Data transfer from secondary node for AWS / ADLS Gen2

for CCMv2

80 or 443 Outbound towards data transfer from secondary node for AWS / ADLS Gen2 Outgoing port. Open on all the HDFS nodes for AWS and ADLS Gen2.
Data Lake cluster 8443 On destination CDP Public Cloud Cloudera Manager/Knox host.

(applicable when Knox is available on the on-premises source cluster)

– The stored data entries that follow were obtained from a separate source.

(* Let $n>2$ be an integer, $a\in\mathbb{R}$ with $a\neq0$, and $b\in\{1,-1\}$. Put $\varphi=2\pi/n$, $p=\lfloor (n-1)/2\rfloor$, $q=\lfloor n/2\rfloor$, and for $c\in\mathbb{R}$ define \[\lambda_k(c)=c+2a\cos(k\varphi)\ (k=1,\dots,n-1),\quad \lambda_{\mathrm{sep}}(c)=c+2a,\quad \lambda_{\mathrm{lim}}(c)=c-2a,\] \[\lambda_\pm(c)=\tfrac12\Bigl(2a-(n-1)c\pm\sqrt{\bigl(2a+(n+1)c\bigr)^2+4n}\Bigr).\] Then: (a) for every $k=1,\dots,n-1$ and every $c$, $\lambda_{\mathrm{sep}}(c)>\lambda_k(c)$ if $a>0$, and $\lambda_{\mathrm{sep}}(c)<\lambda_k(c)$ if $a<0$; (b) $\lambda_k=\lambda_{n-k}$ for $k=1,\dots,p$; (c) the sequence $(\lambda_1,\dots,\lambda_q)$ is strictly decreasing if $a>0$ and strictly increasing if $a<0$; all $\lambda_k$ are bounded (below if $a>0$, above if $a<0$) by $\lambda_{\mathrm{lim}}=c-2a$, and for even $n$ one has $\lambda_q=\lambda_{n/2}=c-2a$; (d) for $a>0$ (resp. $a<0$) each curve $\lambda=\lambda_k(c)$ meets the curve $\lambda=\lambda_-(c)$ (resp. $\lambda=\lambda_+(c)$) at exactly one point $\mathsf C_k$, whose abscissa is \[c_k=\frac{4a^2\cos(k\varphi)\bigl(1-\cos(k\varphi)\bigr)+n}{2(n+1)a\bigl(\cos(k\varphi)-1\bigr)};\] as $k$ increases from $1$ to $q$, the $c_k$ form an increasing sequence if $a>0$ and a decreasing sequence if $a<0$.
   Context: The functions $\lambda_\pm(c)$ and $\lambda_k(c)$ are the eigenvalues of the $(n+1)\times(n+1)$ symmetric matrix $m_n(a,b,c)$ with $b^2=1$: rows/columns indexed $0,\dots,n$, $(0,0)$-entry $-nc$, $(0,j)$- and $(j,0)$-entries $b$ ($j=1,\dots,n$), lower-right block the circulant $\mathrm{circ}(c,a,0,\dots,0,a)$. *)

From Stdlib Require Import Reals Lra Lia.
Open Scope R_scope.

Definition phi (n : nat) : R := 2 * PI / INR n.

Definition lam_k (n : nat) (a : R) (k : nat) (c : R) : R :=
  c + 2 * a * cos (INR k * phi n).

Definition lam_sep (a c : R) : R := c + 2 * a.
Definition lam_lim (a c : R) : R := c - 2 * a.

Definition lam_disc (n : nat) (a c : R) : R :=
  (2 * a + (INR n + 1) * c) ^ 2 + 4 * INR n.

Definition lam_plus (n : nat) (a c : R) : R :=
  / 2 * (2 * a - (INR n - 1) * c + sqrt (lam_disc n a c)).
Definition lam_minus (n : nat) (a c : R) : R :=
  / 2 * (2 * a - (INR n - 1) * c - sqrt (lam_disc n a c)).

Definition c_k (n : nat) (a : R) (k : nat) : R :=
  (4 * a ^ 2 * cos (INR k * phi n) * (1 - cos (INR k * phi n)) + INR n)
  / (2 * (INR n + 1) * a * (cos (INR k * phi n) - 1)).

Definition p_of (n : nat) : nat := Nat.div (n - 1) 2.
Definition q_of (n : nat) : nat := Nat.div n 2.

From Stdlib Require Import Reals Lra Lia.
Open Scope R_scope.

(* Every [lam_k] is [c + 2 a t] with [t = cos (k phi) < 1], so (a)-(c) are facts
   about the cosines of the angles [k phi]. For (d) put [u = (n+1) c + 2 a t] and
   [v = 2 a (t - 1)]: the discriminant is [(u - v)^2 + 4 n], and [lam_k = lam_-/+]
   becomes [-/+ sqrt ((u - v)^2 + 4 n) = u + v]. As [u v = n > 0] forces [u + v]
   to have the sign of [v], and [v] has the sign of [-a], this is equivalent to
   [u v = n], an equation linear in [c] whose root
   [c_k = -(2 a t + n / (2 a (1 - t))) / (n + 1)] is monotone in [t]. *)

Lemma cos_2PI_minus (x : R) : cos (2 * PI - x) = cos x.
Proof. rewrite cos_minus, cos_2PI, sin_2PI; ring. Qed.

Lemma cos_lt_1 (x : R) : 0 < x < 2 * PI -> cos x < 1.
Proof.
  intros Hx.
  replace x with (2 * (x / 2)) by field.
  rewrite cos_2a_sin.
  assert (0 < sin (x / 2)) by (apply sin_gt_0; lra).
  nra.
Qed.

Lemma INR_mul_phi (n : nat) : (0 < n)%nat -> INR n * phi n = 2 * PI.
Proof.
  intros Hn. assert (0 < INR n) by (apply lt_0_INR; lia).
  unfold phi. field. lra.
Qed.

Lemma phi_pos (n : nat) : (0 < n)%nat -> 0 < phi n.
Proof.
  intros Hn. assert (0 < INR n) by (apply lt_0_INR; lia).
  pose proof PI_RGT_0. unfold phi. apply Rdiv_lt_0_compat; lra.
Qed.

Lemma angle_lt (n k l : nat) : (0 < n)%nat -> (k < l)%nat ->
  INR k * phi n < INR l * phi n.
Proof.
  intros Hn Hkl. apply Rmult_lt_compat_r; [now apply phi_pos | now apply lt_INR].
Qed.

Lemma angle_le_PI (n l : nat) : (0 < n)%nat -> (2 * l <= n)%nat -> INR l * phi n <= PI.
Proof.
  intros Hn Hl.
  assert (H2l : 2 * INR l <= INR n).
  { replace 2 with (INR 2) by reflexivity. rewrite <- mult_INR. now apply le_INR. }
  pose proof (INR_mul_phi n Hn). pose proof (phi_pos n Hn). nra.
Qed.

Lemma cos_angle_lt_1 (n k : nat) : (1 <= k < n)%nat -> cos (INR k * phi n) < 1.
Proof.
  intros Hk. apply cos_lt_1. split.
  - rewrite <- (Rmult_0_l (phi n)), <- INR_0. apply angle_lt; lia.
  - rewrite <- (INR_mul_phi n) by lia. apply angle_lt; lia.
Qed.

Lemma cos_angle_decreasing (n k l : nat) : (0 < n)%nat -> (k < l)%nat -> (2 * l <= n)%nat ->
  cos (INR l * phi n) < cos (INR k * phi n).
Proof.
  intros Hn Hkl Hl.
  pose proof (pos_INR k). pose proof (phi_pos n Hn).
  pose proof (angle_lt n k l Hn Hkl). pose proof (angle_le_PI n l Hn Hl).
  apply cos_decreasing_1; nra.
Qed.

Lemma cos_angle_reflect (n k : nat) : (0 < n)%nat -> (k <= n)%nat ->
  cos (INR (n - k) * phi n) = cos (INR k * phi n).
Proof.
  intros Hn Hk.
  rewrite minus_INR, Rmult_minus_distr_r, INR_mul_phi by assumption.
  apply cos_2PI_minus.
Qed.

Lemma cos_angle_half_turn (n : nat) : (0 < n)%nat -> Nat.Even n ->
  cos (INR (n / 2) * phi n) = -1.
Proof.
  intros Hn [m ->].
  rewrite Nat.mul_comm, Nat.div_mul by lia.
  replace (INR m * phi (m * 2)) with PI; [apply cos_PI|].
  assert (0 < INR m) by (apply lt_0_INR; lia).
  unfold phi. rewrite mult_INR. simpl. field. lra.
Qed.

Lemma sqrt_sq_diff_eq_sum (N u v : R) : 0 < N -> 0 < v ->
  sqrt ((u - v) ^ 2 + 4 * N) = u + v <-> u * v = N.
Proof.
  intros HN Hv.
  assert (Hdisc : 0 <= (u - v) ^ 2 + 4 * N) by (pose proof (pow2_ge_0 (u - v)); lra).
  assert (Hsq : (u + v) * (u + v) - ((u - v) ^ 2 + 4 * N) = 4 * (u * v - N)) by ring.
  split.
  - intros Hs.
    assert (0 <= u + v) by (rewrite <- Hs; apply sqrt_pos).
    apply sqrt_lem_0 in Hs; [lra | assumption | assumption].
  - intros Huv. apply sqrt_lem_1; [assumption | nra | lra].
Qed.

Lemma opp_sqrt_sq_diff_eq_sum (N u v : R) : 0 < N -> v < 0 ->
  - sqrt ((u - v) ^ 2 + 4 * N) = u + v <-> u * v = N.
Proof.
  intros HN Hv.
  replace ((u - v) ^ 2) with ((- u - - v) ^ 2) by ring.
  replace (u * v) with (- u * - v) by ring.
  rewrite <- sqrt_sq_diff_eq_sum by lra.
  split; intros; lra.
Qed.

Definition meet_abscissa (N a t : R) : R :=
  (4 * a ^ 2 * t * (1 - t) + N) / (2 * (N + 1) * a * (t - 1)).

Lemma c_k_meet_abscissa (n : nat) (a : R) (k : nat) :
  c_k n a k = meet_abscissa (INR n) a (cos (INR k * phi n)).
Proof. reflexivity. Qed.

Lemma meet_abscissa_opp (N a t : R) : meet_abscissa N (- a) t = - meet_abscissa N a t.
Proof.
  unfold meet_abscissa, Rdiv.
  replace (2 * (N + 1) * - a * (t - 1)) with (- (2 * (N + 1) * a * (t - 1))) by ring.
  rewrite Rinv_opp. ring.
Qed.

Lemma meet_abscissa_spec (N a t c : R) : 0 < N -> a <> 0 -> t < 1 ->
  ((N + 1) * c + 2 * a * t) * (2 * a * (t - 1)) = N <-> c = meet_abscissa N a t.
Proof.
  intros HN Ha Ht. unfold meet_abscissa.
  set (X := 4 * a ^ 2 * t * (1 - t) + N).
  assert (Hlin : ((N + 1) * c + 2 * a * t) * (2 * a * (t - 1)) - N
                 = c * (2 * (N + 1) * a * (t - 1)) - X) by (unfold X; ring).
  split; intros H.
  - replace X with (c * (2 * (N + 1) * a * (t - 1))) by lra.
    field. repeat split; lra.
  - assert (c * (2 * (N + 1) * a * (t - 1)) = X) by (rewrite H; field; repeat split; lra).
    lra.
Qed.

Lemma meet_abscissa_decreasing (N a s t : R) : 0 < N -> 0 < a -> s < t -> t < 1 ->
  meet_abscissa N a t < meet_abscissa N a s.
Proof.
  intros HN Ha Hst Ht. unfold meet_abscissa.
  assert (Hdiff : (4 * a ^ 2 * s * (1 - s) + N) / (2 * (N + 1) * a * (s - 1))
                  - (4 * a ^ 2 * t * (1 - t) + N) / (2 * (N + 1) * a * (t - 1))
                  = (t - s) * (2 * a + N / (2 * a * (1 - s) * (1 - t))) / (N + 1)).
  { field. repeat split; lra. }
  assert (0 < N / (2 * a * (1 - s) * (1 - t))).
  { apply Rdiv_lt_0_compat; [lra|].
    repeat apply Rmult_lt_0_compat; lra. }
  assert (0 < (t - s) * (2 * a + N / (2 * a * (1 - s) * (1 - t))) / (N + 1)).
  { apply Rdiv_lt_0_compat; [apply Rmult_lt_0_compat|]; lra. }
  lra.
Qed.

Lemma lam_disc_split (n : nat) (a t c : R) :
  lam_disc n a c
  = (((INR n + 1) * c + 2 * a * t) - 2 * a * (t - 1)) ^ 2 + 4 * INR n.
Proof. unfold lam_disc. ring. Qed.

Lemma lam_k_eq_lam_minus_iff (n : nat) (a : R) (k : nat) (c : R) :
  (1 <= k < n)%nat -> 0 < a ->
  lam_k n a k c = lam_minus n a c <-> c = c_k n a k.
Proof.
  intros Hk Ha.
  pose proof (cos_angle_lt_1 n k Hk) as Ht.
  assert (HN : 0 < INR n) by (apply lt_0_INR; lia).
  unfold lam_k, lam_minus. rewrite c_k_meet_abscissa, (lam_disc_split n a (cos (INR k * phi n))).
  rewrite <- meet_abscissa_spec by lra.
  rewrite <- opp_sqrt_sq_diff_eq_sum by nra.
  split; intros; lra.
Qed.

Lemma lam_k_eq_lam_plus_iff (n : nat) (a : R) (k : nat) (c : R) :
  (1 <= k < n)%nat -> a < 0 ->
  lam_k n a k c = lam_plus n a c <-> c = c_k n a k.
Proof.
  intros Hk Ha.
  pose proof (cos_angle_lt_1 n k Hk) as Ht.
  assert (HN : 0 < INR n) by (apply lt_0_INR; lia).
  unfold lam_k, lam_plus. rewrite c_k_meet_abscissa, (lam_disc_split n a (cos (INR k * phi n))).
  rewrite <- meet_abscissa_spec by lra.
  rewrite <- sqrt_sq_diff_eq_sum by nra.
  split; intros; lra.
Qed.

Theorem lemma2 (n : nat) (a b : R) :
  (2 < n)%nat -> a <> 0 -> (b = 1 \/ b = -1) ->
  (* (a) *)
  (forall (k : nat) (c : R), (1 <= k <= n - 1)%nat ->
     (0 < a -> lam_sep a c > lam_k n a k c) /\
     (a < 0 -> lam_sep a c < lam_k n a k c)) /\
  (* (b) *)
  (forall (k : nat) (c : R), (1 <= k <= p_of n)%nat ->
     lam_k n a k c = lam_k n a (n - k) c) /\
  (* (c) *)
  ((forall (k l : nat) (c : R), (1 <= k)%nat -> (k < l)%nat -> (l <= q_of n)%nat ->
      (0 < a -> lam_k n a k c > lam_k n a l c) /\
      (a < 0 -> lam_k n a k c < lam_k n a l c)) /\
   (forall (k : nat) (c : R), (1 <= k <= n - 1)%nat ->
      (0 < a -> lam_lim a c <= lam_k n a k c) /\
      (a < 0 -> lam_k n a k c <= lam_lim a c)) /\
   (Nat.Even n -> forall c : R, lam_k n a (q_of n) c = c - 2 * a)) /\
  (* (d) *)
  ((forall k : nat, (1 <= k <= n - 1)%nat ->
      (0 < a -> forall c : R, lam_k n a k c = lam_minus n a c <-> c = c_k n a k) /\
      (a < 0 -> forall c : R, lam_k n a k c = lam_plus n a c <-> c = c_k n a k)) /\
   (forall k l : nat, (1 <= k)%nat -> (k < l)%nat -> (l <= q_of n)%nat ->
      (0 < a -> c_k n a k < c_k n a l) /\
      (a < 0 -> c_k n a k > c_k n a l))).
Proof.
  intros Hn Ha _.
  assert (Hn0 : (0 < n)%nat) by lia.
  assert (Hq : forall l, (l <= q_of n)%nat -> (2 * l <= n)%nat).
  { intros l Hl. pose proof (Nat.Div0.mul_div_le n 2). unfold q_of in Hl. lia. }
  split; [|split; [|split; [split; [|split]|split]]].
  - intros k c Hk. pose proof (cos_angle_lt_1 n k ltac:(lia)).
    unfold lam_sep, lam_k. split; intros; nra.
  - intros k c Hk. pose proof (Nat.Div0.mul_div_le (n - 1) 2). unfold p_of in Hk.
    unfold lam_k. rewrite cos_angle_reflect by lia. reflexivity.
  - intros k l c Hk Hkl Hl. pose proof (cos_angle_decreasing n k l Hn0 Hkl (Hq l Hl)).
    unfold lam_k. split; intros; nra.
  - intros k c Hk. pose proof (COS_bound (INR k * phi n)).
    unfold lam_k, lam_lim. split; intros; nra.
  - intros Heven c. unfold lam_k, q_of. rewrite cos_angle_half_turn by assumption. ring.
  - intros k Hk. split; intros Ha' c;
      [apply lam_k_eq_lam_minus_iff | apply lam_k_eq_lam_plus_iff]; lia || lra.
  - intros k l Hk Hkl Hl.
    pose proof (Hq l Hl) as H2l.
    pose proof (cos_angle_decreasing n k l Hn0 Hkl H2l) as Hcos.
    pose proof (cos_angle_lt_1 n k ltac:(lia)) as Hcos1.
    assert (HN : 0 < INR n) by (apply lt_0_INR; lia).
    rewrite !c_k_meet_abscissa. split; intros Ha'.
    + apply meet_abscissa_decreasing; lra.
    + pose proof (meet_abscissa_decreasing (INR n) (- a) _ _ HN ltac:(lra) Hcos Hcos1) as Hdec.
      rewrite !meet_abscissa_opp in Hdec. lra.
Qed.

Outgoing port. Configure the port on the Data Lake cluster as the outgoing port for CDP Management Console to communicate with Cloudera Manager and Knox.
Figure 3. System architecture diagram for HBase replication in CDP Public Cloud Replication Manager
The image shows the system architecture diagram for HBase replication policies in CDP Public Cloud Replication Manager.

Best practices

Consider the following best practices while using CDP Public Cloud on Microsoft Azure ADLS Gen2 (ABFS):
  • Ensure that the on-premises cluster (port 443) can access the https://login.microsoftonline.com endpoint. This is because the Hadoop client in the on-premises cluster (CDH/CDP Private Cloud Base) connects to the endpoint to acquire the access tokens before it connects to Azure ADLS storage. For more information, see the General Azure guidelines row in the Azure-specific endpoints table.
  • Ensure that the steps mentioned in the General Azure guidelines and Azure Data Lake Storage Gen 2 rows in the Azure-specific endpoints table are complete so that the endpoint connects to the target path successfully.